Basically the CCC is a loose alliance of leaders who rose through the ranks of the MDC parties over the last couple of decades and who now select candidates for Parliamentary and local authority elections.
There are no membership lists, no branches, zero organisation and zero structure below that self-appointed loose national leadership group.
As there is no way for anyone to formally join the party, anyone can claim to be a member and some of those doing so are the sort of people no political party would want or would admit if people had to apply for membership, fill in a form, accept a simple code of conduct and be listed on a spreadsheet.
So the city council needs to do its job. There are a lot of people who earn a basic low-level income in that market area and trying to close it down will cause a great deal of unnecessary suffering.
But that said there needs to be order, and the safety, health and sanitary concerns need to be addressed effectively.

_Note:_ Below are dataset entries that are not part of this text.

Lemma convex_comb_lt0 (R : numDomainType) (I : finType) (l w : I -> R) :
  (forall k, l k < 0) -> (forall k, 0 <= w k) -> \sum_k w k = 1 ->
  \sum_k l k * w k < 0.
Proof.
move=> l_lt0 w_ge0 w_sum1.
have [k /andP[_ wk_gt0]] : exists k, true && (0 < w k).
  apply: psumr_neq0P => [k _|]; first exact: w_ge0.
  by rewrite w_sum1; apply/eqP; rewrite oner_neq0.
rewrite (bigD1 k) //= ltr_nwDl ?nmulr_rlt0 //.
by apply: sumr_le0 => j _; rewrite nmulr_rle0.
Qed.

Lemma hermitian_diag_lt0 (C : numClosedFieldType) n (S : 'M[C]_n) :
  S \is hermsymmx -> (forall z, eigenvalue S z -> z < 0) -> forall a, S a a < 0.
Proof.
move=> /hermitian_normalmx Snormal eig_lt0 a.
have Punitary := spectral_unitarymx S.
have lam_lt0 k : spectral_diag S 0 k < 0.
  exact/eig_lt0/eigenvalue_spectral_diag.
move: Snormal => /orthomx_spectralP; set P := spectralmx S => ->.
have PtP : P^t* *m P = 1%:M by rewrite -invmx_unitary ?mulVmx ?unitarymx_unit.
rewrite invmx_unitary // mul_mx_diag !mxE.
under eq_bigr => k _ do rewrite !mxE mulrAC -normCKC mulrC.
apply: convex_comb_lt0 => [//|k|]; first exact: exprn_ge0.
have /matrixP/(_ a a) := PtP; rewrite !mxE eqxx mulr1n => <-.
by apply: eq_bigr => k _; rewrite !mxE normCKC.
Qed.

Lemma scaled_symmetric_diag_lt0 (R : rcfType) n (A M : 'M[R]_n)
    (d : 'I_n -> R) :
  (forall a, 0 < d a) -> M^T = M -> (forall a b, A a b = M a b / d a) ->
  (forall z, eigenvalue (map_mx (real_complex R) A) z -> z < 0) ->
  forall a, M a a < 0.
Proof.
move=> d_gt0 Msym AE eig_lt0 a.
pose s b := Num.sqrt (d b).
have s_gt0 b : 0 < s b by rewrite sqrtr_gt0.
have ss b : s b * s b = d b by rewrite -expr2 sqr_sqrtr // ltW.
pose S := map_mx (real_complex R) (\matrix_(b, c) (M b c / (s b * s c))).
pose Ds := diag_mx (\row_b (s b)%:C).
have Ds_unit : Ds \in unitmx.
  rewrite unitmxE det_diag unitfE; apply/prodf_neq0 => b _.
  by rewrite mxE eq_complex /= eqxx andbT gt_eqF.
have DsA : Ds *m map_mx (real_complex R) A = S *m Ds.
  rewrite mul_diag_mx mul_mx_diag; apply/matrixP => b c; rewrite !mxE AE.
  rewrite -!rmorphM /= -ss; congr _%:C; field.
  by rewrite !gt_eqF.
have S_herm : S \is hermsymmx.
  apply: realsym_hermsym.
    rewrite is_hermitianmxE expr0 scale1r; apply/eqP/matrixP => b c.
    by rewrite !mxE -[in RHS]Msym !mxE /idfun (mulrC (s c)).
  by apply/mxOverP => b c; rewrite mxE realE -[0]/(0%:C) !lecR -realE num_real.
have S_eig_lt0 z : eigenvalue S z -> z < 0.
  by move=> Sz; apply/eig_lt0/(eigenvalue_similar Ds_unit DsA).
have := hermitian_diag_lt0 S_herm S_eig_lt0 a.
by rewrite !mxE -[0]/(0%:C) ltcR pmulr_llt0 // invr_gt0 mulr_gt0.
Qed.
(* For all positive even $k_1,\ldots, k_n$ one has \[S_{k_1}\,|\, \ldots\,|\, S_{k_n}=S_{|\vec{k}|-n,F_n}\, .\]
   Context: $\mathscr{P}$ is the set of partitions and $r_m(\lambda)$ the number of parts of $\lambda$ equal to $m$. $S_k(\lambda)=-\frac{B_k}{2k}+\sum_i\lambda_i^{k-1}$ for even $k$. For $k>0$ and $f:\mathbb{N}\to\mathbb{Q}$ extended by $f(0)=0$, $S_{k,f}(\lambda)=-\frac{B_{k+1}}{2(k+1)}\delta_{f,\mathrm{id}}+\sum_{m\ge1}m^kf(r_m(\lambda))$ (so $S_k=S_{k-1,\mathrm{id}}$). $F_n$ is the Faulhaber polynomial: the polynomial with zero constant term with $F_n(N)=\sum_{i=1}^N i^{n-1}$ for $N\ge1$. $|\vec k|=k_1+\cdots+k_n$. The induced product $\odot$ is defined by $\langle f\odot g\rangle_{\vec u}=\langle f\rangle_{\vec u}\langle g\rangle_{\vec u}$ with $\langle f\rangle_{\vec u}=\sum_\lambda f(\lambda)u_{\lambda_1}u_{\lambda_2}\cdots/\sum_\lambda u_{\lambda_1}u_{\lambda_2}\cdots$. The connected product is $f_1|\ldots|f_n=\sum_{\alpha\in\Pi(n)}\mu(\alpha,\mathbf{1})\bigodot_{A\in\alpha}f_A$, where $\Pi(n)$ is the set of set partitions of $\{1,\ldots,n\}$, $\mu(\alpha,\mathbf{1})=(-1)^{\ell(\alpha)-1}(\ell(\alpha)-1)!$, and $f_A=\prod_{a\in A}f_a$ (pointwise product). *)

From HB Require Import structures.
From mathcomp Require Import all_boot all_order all_algebra.
From Stdlib Require Import ClassicalEpsilon.
Set Implicit Arguments. Unset Strict Implicit. Unset Printing Implicit Defensive.
Import Order.TTheory GRing.Theory Num.Theory.
Local Open Scope ring_scope.

Definition is_partition (l : seq nat) : bool :=
  sorted geq l && all (fun x => 0 < x)%N l.

Definition mult (m : nat) (l : seq nat) : nat := count_mem m l.

(* functions P -> Q (only their values on partitions matter) *)
Definition pfun := seq nat -> rat.

(* B_0 = 1, B_m = -1/(m+1) \sum_{j<m} C(m+1,j) B_j  (so B_1 = -1/2; the
   even-index values used below do not depend on this convention) *)
Fixpoint bern_seq (m : nat) : seq rat :=
  if m is m'.+1 then
    let s := bern_seq m' in
    rcons s (- (m.+1%:R)^-1 * \sum_(j < m) ('C(m.+1, j))%:R * s`_j)
  else [:: 1].
Definition bernoulli (m : nat) : rat := (bern_seq m)`_m.

Definition S (k : nat) : pfun :=
  fun l => - bernoulli k / (2 * k%:R) + \sum_(x <- l) (x%:R) ^+ k.-1.

Definition is_id (f : nat -> rat) : bool :=
  if excluded_middle_informative (forall N, (0 < N)%N -> f N = N%:R)
  then true else false.

(* S_{k,f}(lambda) = -B_{k+1}/(2(k+1)) delta_{f,id} + \sum_{m>=1} m^k f(r_m(lambda)),
   with f(0) = 0: only the distinct parts m of lambda contribute. *)
Definition Skf (k : nat) (f : nat -> rat) : pfun :=
  fun l => - bernoulli k.+1 / (2 * (k.+1)%:R) * (is_id f)%:R
           + \sum_(m <- undup l) (m%:R) ^+ k * f (mult m l).

Definition faulhaber (n : nat) (N : nat) : rat :=
  \sum_(1 <= i < N.+1) (i%:R) ^+ n.-1.

(* ---------- Formal power series in u_1,u_2,... ----------
   A formal power series \sum_lambda a(lambda) u_lambda (u_lambda = \prod_i u_{lambda_i})
   is identified with its coefficient function a : pfun.  Multiplication is the
   Cauchy product over the decompositions lambda = alpha \sqcup beta (multiset union). *)
Fixpoint bitseqs (m : nat) : seq bitseq :=
  if m is m'.+1 then [seq b :: s | b <- [:: true; false], s <- bitseqs m']
  else [:: [::]].

Definition splits (l : seq nat) : seq (seq nat * seq nat) :=
  undup [seq (mask b l, mask (map negb b) l) | b <- bitseqs (size l)].

Definition smul (a b : pfun) : pfun :=
  fun l => \sum_(p <- splits l) a p.1 * b p.2.

(* Z = \sum_lambda u_lambda = \prod_m (1-u_m)^{-1}; its inverse \prod_m (1 - u_m) *)
Definition Zser : pfun := fun _ => 1.
Definition Zinv : pfun := fun l => if uniq l then (-1) ^+ size l else 0.

(* u-bracket  <f>_u = (\sum_lambda f(lambda) u_lambda) / (\sum_lambda u_lambda) *)
Definition ubracket (f : pfun) : pfun := smul f Zinv.

(* induced product: the unique f (.) g with <f (.) g>_u = <f>_u <g>_u,
   namely (f (.) g) u-series = <f>_u <g>_u * Z *)
Definition odot (f g : pfun) : pfun := smul (smul (ubracket f) (ubracket g)) Zser.

(* unit for odot: the constant function 1 (<1>_u = 1) *)
Definition odot_one : pfun := fun _ => 1.

Definition fprod (n : nat) (f : 'I_n -> pfun) (A : {set 'I_n}) : pfun :=
  fun l => \prod_(a in A) f a l.

Definition mobius_top (n : nat) (P : {set {set 'I_n}}) : rat :=
  (-1) ^+ (#|P|.-1) * ((#|P|.-1)`!)%:R.
(* Let $P$ and $Q$ be stochastic matrices over a countable set $\Omega$. (1) If $\rho$ is a *-automorphism of $\ell^\infty(\Omega)$ and there exists a $\rho$-similarity from $Arv(P)$ to $Arv(Q)$, then for all $i,j$: $P_{ij}>0\iff Q_{\sigma_\rho(i)\sigma_\rho(j)}>0$. (2) If $\Omega$ is finite, $P$ and $Q$ are essential, and $\sigma$ is a permutation of $\Omega$ with $P_{ij}>0\iff Q_{\sigma(i)\sigma(j)}>0$ for all $i,j$, then there exists a $\rho_\sigma$-similarity from $Arv(P)$ to $Arv(Q)$.
   Context: A stochastic matrix has nonnegative entries and row sums $1$; $P^{(n)}_{ij}$ is the $(i,j)$ entry of $P^n$. $P$ is essential if no state $i$ has some $j$ and $n\ge1$ with $P^{(n)}_{ij}>0$ but $P^{(m)}_{ji}=0$ for all $m\ge1$. For a permutation $\sigma$, $\rho_\sigma(f)=f\circ\sigma^{-1}$; for a *-automorphism $\rho$ of $\ell^\infty(\Omega)$, $\sigma_\rho$ is the permutation with $\rho(p_j)=p_{\sigma_\rho(j)}$, $p_j$ the indicator of $\{j\}$. $Arv(P)$: $Arv(P)_0=\ell^\infty(\Omega)$; $Arv(P)_n$ ($n\ge1$) is the set of complex $\Omega\times\Omega$ matrices $A=[a_{ij}]$ with $a_{ij}=0$ whenever $P^{(n)}_{ij}=0$ and $\sup_j\sum_i|a_{ij}|^2<\infty$, a W*-correspondence over $\ell^\infty(\Omega)$ with actions by diagonal matrices and inner product $\mathrm{Diag}(A^*B)$; $U^P_{n,m}(A\otimes B)=(\sqrt{P^{n+m}})^{\flat}*[(\sqrt{P^n}*A)(\sqrt{P^m}*B)]$ for $n,m\ge1$ ($*$ entrywise product, $\sqrt\cdot$ entrywise, $M^\flat_{ik}=M_{ik}^{-1}$ if $M_{ik}>0$, else $0$), $U_{0,n},U_{n,0}$ module actions. A $\rho$-similarity $V:Arv(P)\to Arv(Q)$ is a family $(V_n)_{n\ge0}$ with $V_0=\rho$, each $V_n:Arv(P)_n\to Arv(Q)_n$ ($n\ge1$) a bijective bounded linear map with $V_n(a\xi b)=\rho(a)V_n(\xi)\rho(b)$, $\sup_n\max(\|V_n\|,\|V_n^{-1}\|)<\infty$, and $V_{n+m}U^P_{n,m}=U^Q_{n,m}(V_n\otimes V_m)$ for all $n,m$. *)

From mathcomp Require Import all_boot all_order all_algebra.
From mathcomp Require Import all_classical all_reals all_analysis.
From mathcomp.real_closed Require Import complex.
Import Order.TTheory GRing.Theory Num.Theory numFieldNormedType.Exports.

Set Implicit Arguments.
Unset Strict Implicit.
Unset Printing Implicit Defensive.

Local Open Scope ring_scope.
Local Open Scope complex_scope.
Local Open Scope classical_set_scope.
Local Open Scope ring_scope.

Section ArvDefs.
Variables (R : realType) (Omega : countType).

Definition rmat := Omega -> Omega -> R.
Definition cmat := Omega -> Omega -> R[i].

(* enumeration of Omega by naturals (each element exactly once) *)
Definition enumf (V : zmodType) (f : Omega -> V) (n : nat) : V :=
  match (pickle_inv n : option Omega) with Some x => f x | None => 0 end.

(* sum over the countable set Omega: limit of partial sums along the
   enumeration (used only for nonnegative or absolutely summable families) *)
Definition rsum (f : Omega -> R) : R := limn (series (enumf f)).
Definition csum (f : Omega -> R[i]) : R[i] :=
  (rsum (fun x => complex.Re (f x))) +i* (rsum (fun x => complex.Im (f x))).

Definition abs2 (z : R[i]) : R := complex.Re z ^+ 2 + complex.Im z ^+ 2.

Definition stochastic (P : rmat) : Prop :=
  (forall i j, 0 <= P i j) /\
  (forall i, series (enumf (P i)) @ \oo --> (1 : R)).

Fixpoint mpow (P : rmat) (n : nat) : rmat :=
  match n with
  | 0%N => fun i k => if i == k then 1 else 0
  | n'.+1 => fun i k => rsum (fun j => mpow P n' i j * P j k)
  end.

Definition essential (P : rmat) : Prop :=
  ~ (exists i j (n : nat), (0 < n)%N /\ 0 < mpow P n i j /\
        forall m : nat, (0 < m)%N -> mpow P m j i = 0).

Definition linfty (f : Omega -> R[i]) : Prop :=
  exists M : R, forall x, abs2 (f x) <= M.

Definition ptind (j : Omega) : Omega -> R[i] := fun x => if x == j then 1 else 0.

Definition star_aut (rho : (Omega -> R[i]) -> (Omega -> R[i])) : Prop :=
  (forall f, linfty f -> linfty (rho f)) /\
      (forall f g (c : R[i]), linfty f -> linfty g ->
          rho (fun x => f x + c * g x) = (fun x => rho f x + c * rho g x)) /\
      (forall f g, linfty f -> linfty g ->
          rho (fun x => f x * g x) = (fun x => rho f x * rho g x)) /\
      (forall f, linfty f -> rho (fun x => (f x)^*) = (fun x => (rho f x)^*)) /\
      (forall f g, linfty f -> linfty g -> rho f = rho g -> f = g) /\
      (forall g, linfty g -> exists f, linfty f /\ rho f = g).

Definition colsq (A : cmat) (M : R) : Prop :=
  forall (j : Omega) (s : seq Omega), uniq s -> \sum_(i <- s) abs2 (A i j) <= M.

(* ||A|| <= c in the W*-correspondence norm ||Diag(A^* A)||^(1/2) *)
Definition norm_le (A : cmat) (c : R) : Prop := colsq A (c ^+ 2).

Definition Arv (P : rmat) (n : nat) (A : cmat) : Prop :=
  (forall i j, mpow P n i j = 0 -> A i j = 0) /\ exists M, colsq A M.

Definition Umul (P : rmat) (n m : nat) (A B : cmat) : cmat :=
  fun i k =>
    let p := mpow P (n + m) i k in
    if 0 < p then
      csum (fun j => (Num.sqrt (mpow P n i j))%:C * A i j *
                     ((Num.sqrt (mpow P m j k))%:C * B j k))
        / (Num.sqrt p)%:C
    else 0.

(* V = (V_n)_{n>=0} with V_0 = rho is a rho-similarity Arv(P) -> Arv(Q);
   V n is only relevant on Arv(P)_n for n >= 1 *)
Definition similarity (P Q : rmat) (rho : (Omega -> R[i]) -> (Omega -> R[i]))
    (V : nat -> cmat -> cmat) : Prop :=
      (forall n, (0 < n)%N -> forall A, Arv P n A -> Arv Q n (V n A)) /\
      (forall n, (0 < n)%N -> forall A B, Arv P n A -> Arv P n B ->
          V n A = V n B -> A = B) /\
      (forall n, (0 < n)%N -> forall B, Arv Q n B ->
          exists A, Arv P n A /\ V n A = B) /\
      (forall n, (0 < n)%N -> forall A B (c : R[i]), Arv P n A -> Arv P n B ->
          V n (fun i j => A i j + c * B i j) = (fun i j => V n A i j + c * V n B i j)) /\
      (forall n, (0 < n)%N -> forall a b xi, linfty a -> linfty b -> Arv P n xi ->
          V n (fun i j => a i * xi i j * b j) = (fun i j => rho a i * V n xi i j * rho b j)) /\
      (* sup_n max(||V_n||, ||V_n^-1||) < oo *)
      (exists C : R, 0 <= C /\
         forall n, (0 < n)%N -> forall A, Arv P n A -> forall c : R, 0 <= c ->
           (norm_le A c -> norm_le (V n A) (C * c)) /\
           (norm_le (V n A) c -> norm_le A (C * c))) /\
      (* V_{n+m} U^P_{n,m} = U^Q_{n,m} (V_n (x) V_m) on elementary tensors *)
      (forall n m, (0 < n)%N -> (0 < m)%N -> forall A B, Arv P n A -> Arv P m B ->
          V (n + m)%N (Umul P n m A B) = Umul Q n m (V n A) (V m B)).

End ArvDefs.

From mathcomp Require Import all_boot all_order all_algebra.
From mathcomp Require Import all_classical all_reals all_analysis.
From mathcomp.real_closed Require Import complex.
From mathcomp Require Import zify ring.
Import Order.TTheory GRing.Theory Num.Theory numFieldNormedType.Exports.
Set Implicit Arguments.
Unset Strict Implicit.
Unset Printing Implicit Defensive.

Local Open Scope ring_scope.
Local Open Scope complex_scope.
Local Open Scope classical_set_scope.

(* (1) In degree one a similarity is a bimodule isomorphism V_1 : Arv(P)_1 -> Arv(Q)_1
   over rho, so it maps the corner p_i Arv(P)_1 p_j, which is nonzero iff P_ij > 0,
   bijectively onto the corner p_(sigma i) Arv(Q)_1 p_(sigma j).
   (2) If sigma matches the supports of P and Q, it matches the supports of all powers,
   and V_n(A)_(sigma i, sigma k) = A_ik * sqrt(P^n_ik / Q^n_(sigma i, sigma k)) turns
   U^P into U^Q because the weights sqrt(P^n) in U cancel against these factors. V_n is
   uniformly bounded with bounded inverse because, for a finite essential P, the positive
   entries of the powers P^n (n >= 1) are bounded below by some d > 0: the supports of
   P^n are eventually periodic, and essentiality lets every positive entry of a high
   power P^(m + a) be routed through a positive entry of the fixed power P^a. *)

Section FinitelySupportedSums.
Variables (R : realType) (Omega : countType).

So the city council needs to reopen the actual Mupedzanhamo market, properly, and needs to think about how it can use some of the vacant land around the market for orderly if temporary market activities.
Neither is impossible and any competent group of officials could quickly set up a system. There are plenty of well-run private flea markets in other parts of the city that manage this exceptionally well for the benefit of stallholders and their customers.
Security and the exclusion of criminal gangs are required. The city council has its own security detachment, the municipal police, but almost certainly will require assistance from the Zimbabwe Republic Police to fight organised crime and, at least at the beginning of the new system, a police presence just to keep everyone calm and orderly.
Here the police do have the legal mandate, and it would make sense for the council officials to have close contact with Mbare police, and probably even better to sort out the planning with the Chief Superintendent commanding Mbare district and even the Commissioner commanding Harare province.
In any case the Mayors and council chairpersons of the local authorities in Harare Metropolitan ought to be on speaking terms with the provincial Commissioner and perhaps this is something the Minister of State’s office could organise.
We expect the police will be far keener on seeing what can be done to prevent crime in the first place than fight crime when it continually erupts.
So the police will be able to give their considered and professional views over how to prevent crime in properly run markets, how to organise those markets to make crime prevention easier, and what sort of links are needed between the market administrators and the police so trouble can be sorted out when it is starting, rather than when fires are blazing.
Of course the traders themselves need to be consulted. They must have ideas on how they can operate safely and so can have valuable input into the planning process.
They will need to agree to licensing and how stalls and space are allocated by impartial officials, and again they know better than anyone how things have gone wrong and can go wrong. And some sort of vetting and appeal process will be needed, and again they will have ideas. No one wants to work with criminals.
Basic rules and a code of conduct are needed in any major market, and those who have to live with those rules and follow the code must be allowed to offer their suggestions.
A major one will be that they apply to everyone, with no exemptions, not even the Mayor’s cousin. And there must be impartial administration, following the Government lead, where party affiliation or support is not a factor.
So the council has its work cut out, and needs to show, somewhere, that it can put in a service and make it work.
That requires a new attitude, not just abdication and leaving it to criminals.